Segment Start: Information provided
(* Let $\varphi$ be a concave Orlicz function satisfying $\lim_{t\to0^+}\sup_{u\in(0,1]}\varphi(tu)/\varphi(u)=0$. Then $\lambda_\varphi$ is lattice $1$-concave; indeed $\sum_{j=1}^J\lambda_\varphi(f_j)\le\lambda_\varphi(\sum_{j=1}^Jf_j)$ for every finite family $(f_j)_{j=1}^J$ in $[0,\infty]^{\mathbb{N}}$.
   Context: An Orlicz function is a non-null, left-continuous, non-decreasing $\varphi\colon[0,\infty)\to[0,\infty)$ with $\lim_{t\to0^+}\varphi(t)=0$; set $\varphi(\infty)=\infty$. For $f=(a_n)\in[0,\infty]^{\mathbb{N}}$, $\lambda_\varphi(f)=\inf\{t>0:\sum_{n=1}^\infty\varphi(a_n/t)\le1\}$; under the stated limit condition this is a function quasi-norm over $\mathbb{N}$ (counting measure). A function quasi-norm $\lambda$ over $\mathbb{N}$ is lattice $1$-concave if there is $C$ with $\sum_{j=1}^J\lambda(f_j)\le C\lambda(\sum_{j=1}^Jf_j)$ for all finite families of nonnegative sequences. *)

From HB Require Import structures.
From mathcomp Require Import all_boot all_order all_algebra.
From mathcomp Require Import all_classical all_reals all_analysis.
Set Implicit Arguments. Unset Strict Implicit. Unset Printing Implicit Defensive.
Import Order.TTheory GRing.Theory Num.Theory.
Import numFieldNormedType.Exports.
Local Open Scope classical_set_scope.
Local Open Scope ring_scope.

(* An Orlicz function phi : [0,oo) -> [0,oo), represented by phi : R -> R whose
   values off [0,oo) are irrelevant. *)
Definition orlicz_function (R : realType) (phi : R -> R) : Prop :=
  [/\ (forall t, 0 <= t -> 0 <= phi t),
      (exists t, 0 <= t /\ phi t != 0),
      (forall t, 0 < t -> phi x @[x --> t^'-] --> phi t),
      (forall s t, 0 <= s -> s <= t -> phi s <= phi t)
    & phi x @[x --> 0^'+] --> 0].

Definition concave_on_nonneg (R : realType) (phi : R -> R) : Prop :=
  forall x y s, 0 <= x -> 0 <= y -> 0 <= s -> s <= 1 ->
    s * phi x + (1 - s) * phi y <= phi (s * x + (1 - s) * y).

Definition sup_ratio_vanishes (R : realType) (phi : R -> R) : Prop :=
  forall eps : R, 0 < eps -> exists delta : R, 0 < delta /\
    forall t u, 0 < t -> t < delta -> 0 < u -> u <= 1 ->
      phi (t * u) / phi u <= eps.

Definition phibar (R : realType) (phi : R -> R) (x : \bar R) : \bar R :=
  match x with
  | EFin r => (phi r)%:E
  | _ => +oo%E
  end.

(* lambda_phi(f) = inf { t > 0 : sum_n phi(a_n / t) <= 1 }  (inf of empty set = +oo) *)
Definition lambda_phi (R : realType) (phi : R -> R) (f : nat -> \bar R) : \bar R :=
  ereal_inf [set (t%:E)%E | t in [set t : R | 0 < t /\
     (\sum_(0 <= n <oo) phibar phi (f n * (t^-1)%:E) <= 1)%E]].

Definition lattice_1_concave (R : realType) (lam : (nat -> \bar R) -> \bar R) : Prop :=
  exists C : R, forall (J : nat) (f : nat -> nat -> \bar R),
    (forall j n, (0 <= f j n)%E) ->
    (\sum_(j < J) lam (f j) <= C%:E * lam (fun n => \sum_(j < J) f j n))%E.

From HB Require Import structures.
From mathcomp Require Import all_boot all_order all_algebra.
From mathcomp Require Import all_classical all_reals all_analysis.
From mathcomp Require Import ring lra.
Set Implicit Arguments. Unset Strict Implicit. Unset Printing Implicit Defensive.
Import Order.TTheory GRing.Theory Num.Theory.
Import numFieldNormedType.Exports.
Local Open Scope ring_scope.

(* Concavity makes the perspective (x, t) |-> t phi(x / t) jointly
   concave, so for t = t1 + t2 the modular rho(h/t) = sum_n phi(h_n / t) of
   h = f + g dominates the convex combination
   (t1/t) rho(f/t1) + (t2/t) rho(g/t2). If t is admissible for f + g but
   t < lambda(f) + lambda(g), splitting t proportionally into t1 < lambda(f)
   and t2 < lambda(g) makes both modulars, hence their combination, exceed 1:
   a contradiction. *)

Section LuxemburgSuperadditive.
Variables (R : realType) (phi : R -> R).
Hypothesis phi_ge0 : forall t, 0 <= t -> 0 <= phi t.
Hypothesis phi_nondecreasing : forall s t, 0 <= s -> s <= t -> phi s <= phi t.
Hypothesis phi_concave : concave_on_nonneg phi.

Local Open Scope ereal_scope.

Definition orlicz_modular (f : nat -> \bar R) (t : R) : \bar R :=
  \sum_(0 <= n <oo) phibar phi (f n * (t^-1)%:E).

Lemma phibar_ge0 x : 0 <= x -> 0 <= phibar phi x.
Proof. by case: x => [x||] //= x0; rewrite lee_fin phi_ge0. Qed.

Lemma phibar_le x y : 0 <= x -> x <= y -> phibar phi x <= phibar phi y.
Proof.
case: x => [x||] //; case: y => [y||] //= x0 xy; rewrite ?leey // lee_fin.
by apply: phi_nondecreasing; rewrite -lee_fin.
Qed.

Lemma phibar_mul_inv_ge0 x (t : R) : 0 <= x -> (0 < t)%R ->
  0 <= phibar phi (x * (t^-1)%:E).
Proof.
by move=> x0 t0; apply/phibar_ge0/mule_ge0; rewrite // lee_fin invr_ge0 ltW.
Qed.

Lemma orlicz_modular_le f g (t : R) : (0 < t)%R ->
  (forall n, 0 <= f n) -> (forall n, f n <= g n) ->
  orlicz_modular f t <= orlicz_modular g t.
Proof.
move=> t0 f0 fg; apply: lee_nneseries => [n _ _|n _].
  exact: phibar_mul_inv_ge0.
apply: phibar_le; first by apply: mule_ge0; rewrite // lee_fin invr_ge0 ltW.
by apply: lee_wpmul2r; rewrite // lee_fin invr_ge0 ltW.
Qed.

Lemma phibar_perspective_concave x y (t1 t2 : R) :
  0 <= x -> 0 <= y -> (0 < t1)%R -> (0 < t2)%R ->
  (t1 / (t1 + t2))%:E * phibar phi (x * (t1^-1)%:E)
    + (t2 / (t1 + t2))%:E * phibar phi (y * (t2^-1)%:E)
  <= phibar phi ((x + y) * ((t1 + t2)^-1)%:E).
Proof.
move=> + + t10 t20; have t0 : (0 < t1 + t2)%R by rewrite addr_gt0.
case: x => [x||] //; case: y => [y||] // x0 y0.
  rewrite -EFinD -!EFinM /= -EFinD lee_fin.
  rewrite !lee_fin in x0 y0.
  have -> : (t2 / (t1 + t2) = 1 - t1 / (t1 + t2))%R.
    by field; rewrite gt_eqF.
  have -> : ((x + y) * (t1 + t2)^-1
      = t1 / (t1 + t2) * (x * t1^-1) + (1 - t1 / (t1 + t2)) * (y * t2^-1))%R.
    by field; rewrite !gt_eqF.
  apply: phi_concave.
  - exact: divr_ge0 x0 (ltW t10).
  - exact: divr_ge0 y0 (ltW t20).
  - exact: divr_ge0 (ltW t10) (ltW t0).
  - by rewrite ler_pdivrMr // mul1r lerDl ltW.
all: apply: le_trans (leey _) _.
all: by rewrite ?addey ?addye // mulyr gtr0_sg ?invr_gt0 // mul1e.
Qed.

Lemma orlicz_modular_perspective_concave f g (t1 t2 : R) :
  (forall n, 0 <= f n) -> (forall n, 0 <= g n) -> (0 < t1)%R -> (0 < t2)%R ->
  (t1 / (t1 + t2))%:E * orlicz_modular f t1
    + (t2 / (t1 + t2))%:E * orlicz_modular g t2
  <= orlicz_modular (fun n => f n + g n) (t1 + t2).
Proof.
move=> f0 g0 t10 t20; have t0 := addr_gt0 t10 t20.
have w1 : 0 <= (t1 / (t1 + t2))%:E by rewrite lee_fin divr_ge0 // ltW.
have w2 : 0 <= (t2 / (t1 + t2))%:E by rewrite lee_fin divr_ge0 // ltW.
have fn0 n := phibar_mul_inv_ge0 (f0 n) t10.
have gn0 n := phibar_mul_inv_ge0 (g0 n) t20.
rewrite /orlicz_modular -!nneseriesZl // -nneseriesD => [|n _ _|n _ _];
  rewrite ?mule_ge0 //.
apply: lee_nneseries => [n _ _|n _]; last exact: phibar_perspective_concave.
by rewrite adde_ge0 // mule_ge0.
Qed.

Lemma lambda_phi_ge0 f : 0 <= lambda_phi phi f.
Proof. by apply: le_ereal_inf_tmp => _ [t [t0 _] <-]; rewrite lee_fin ltW. Qed.

Lemma lambda_phi_le f (t : R) : (0 < t)%R ->
  orlicz_modular f t <= 1 -> lambda_phi phi f <= t%:E.
Proof. by move=> t0 ft; apply: ereal_inf_lbound; exists t. Qed.

Lemma orlicz_modular_gt1 f (t : R) : (0 < t)%R ->
  t%:E < lambda_phi phi f -> 1 < orlicz_modular f t.
Proof.
by move=> t0; apply: contraTT; rewrite -!leNgt; exact: lambda_phi_le.
Qed.

Lemma le_lambda_phi f g : (forall n, 0 <= f n) -> (forall n, f n <= g n) ->
  lambda_phi phi f <= lambda_phi phi g.
Proof.
move=> f0 fg; apply: ereal_inf_le_tmp => _ [t [t0 gt] <-].
by exists t => //; split=> //; apply: le_trans gt; exact: orlicz_modular_le.
Qed.

Lemma lambda_phi_split f g (t1 t2 : R) :
  (forall n, 0 <= f n) -> (forall n, 0 <= g n) -> (0 < t1)%R -> (0 < t2)%R ->
  orlicz_modular (fun n => f n + g n) (t1 + t2) <= 1 ->
  lambda_phi phi f <= t1%:E \/ lambda_phi phi g <= t2%:E.
Proof.
move=> f0 g0 t10 t20 fg1.
have [|ft1] := leP (lambda_phi phi f) t1%:E; first by left.
have [|gt2] := leP (lambda_phi phi g) t2%:E; first by right.
have t0 : (0 < t1 + t2)%R by rewrite addr_gt0.
have weights1 : (t1 / (t1 + t2))%:E + (t2 / (t1 + t2))%:E = 1.
  by rewrite -EFinD -mulrDl divff ?gt_eqF.
suff : 1 < 1 :> \bar R by rewrite ltxx.
apply: lt_le_trans fg1; apply: lt_le_trans (orlicz_modular_perspective_concave
  f0 g0 t10 t20); rewrite -[X in X < _]weights1.
by apply: lteD; rewrite -[X in X < _]mule1 lte_pmul2l ?lte_fin ?divr_gt0 //;
  exact: orlicz_modular_gt1.
Qed.

Lemma lambda_phi_superadditive f g :
  (forall n, 0 <= f n) -> (forall n, 0 <= g n) ->
  lambda_phi phi f + lambda_phi phi g <= lambda_phi phi (fun n => f n + g n).
Proof.
move=> f0 g0; apply: le_ereal_inf_tmp => _ [t [t0 fgt] <-].
have fg0 n : 0 <= f n + g n by rewrite adde_ge0.
have ft : lambda_phi phi f <= t%:E.
  apply: le_trans (lambda_phi_le t0 fgt).
  by apply: le_lambda_phi => // n; rewrite leeDl.
have gt : lambda_phi phi g <= t%:E.
  apply: le_trans (lambda_phi_le t0 fgt).
  by apply: le_lambda_phi => // n; rewrite leeDr.
have := lambda_phi_split f0 g0; move: ft gt (lambda_phi_ge0 f) (lambda_phi_ge0 g).
case: (lambda_phi phi f) => [a||] //; case: (lambda_phi phi g) => [b||] //.
rewrite !lee_fin => a_le b_le a0 b0 lambda_split.
rewrite leNgt; apply/negP => tab.
have a_gt0 : (0 < a)%R by lra.
have b_gt0 : (0 < b)%R by lra.
have ab0 : (0 < a + b)%R by lra.
have tsplit : (t * a / (a + b) + t * b / (a + b) = t)%R.
  by field; rewrite gt_eqF.
have := lambda_split _ _ (divr_gt0 (mulr_gt0 t0 a_gt0) ab0)
  (divr_gt0 (mulr_gt0 t0 b_gt0) ab0).
by rewrite tsplit !lee_fin !ler_pdivlMr // => /(_ fgt) []; nra.
Qed.

Lemma lambda_phi_sum_superadditive J (f : nat -> nat -> \bar R) :
  (forall j n, 0 <= f j n) ->
  \sum_(j < J) lambda_phi phi (f j) <= lambda_phi phi (fun n => \sum_(j < J) f j n).
Proof.
move=> f0; elim: J => [|J IH]; first by rewrite big_ord0 lambda_phi_ge0.
under [X in _ <= lambda_phi _ X]funext => n do rewrite big_ord_recr.
rewrite big_ord_recr /=; apply: le_trans (lambda_phi_superadditive _ _) => //.
- by rewrite leeD2r.
- by move=> n; rewrite sume_ge0.
Qed.

End LuxemburgSuperadditive.

Theorem proposition4p16 (R : realType) (phi : R -> R) :
  orlicz_function phi ->
  concave_on_nonneg phi ->
  sup_ratio_vanishes phi ->
  lattice_1_concave (lambda_phi phi) /\
  (forall (J : nat) (f : nat -> nat -> \bar R),
     (forall j n, (0 <= f j n)%E) ->
     (\sum_(j < J) lambda_phi phi (f j)
        <= lambda_phi phi (fun n => \sum_(j < J) f j n))%E).
Proof.
(* Left-continuity, phi(0+) = 0 and the vanishing ratio condition are only
   needed for lambda_phi to be a quasi-norm, not for its superadditivity. *)
case=> phi_ge0 _ _ phi_nondecreasing _ phi_concave _.
have superadditive := lambda_phi_sum_superadditive phi_ge0 phi_nondecreasing
  phi_concave.
by split=> //; exists 1%R => J f f0; rewrite mul1e; exact: superadditive.
Qed.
Segment End: Information provided
Action item.
Where a line above contains the string "finite", tally it, then give the number alone.

Your response.
2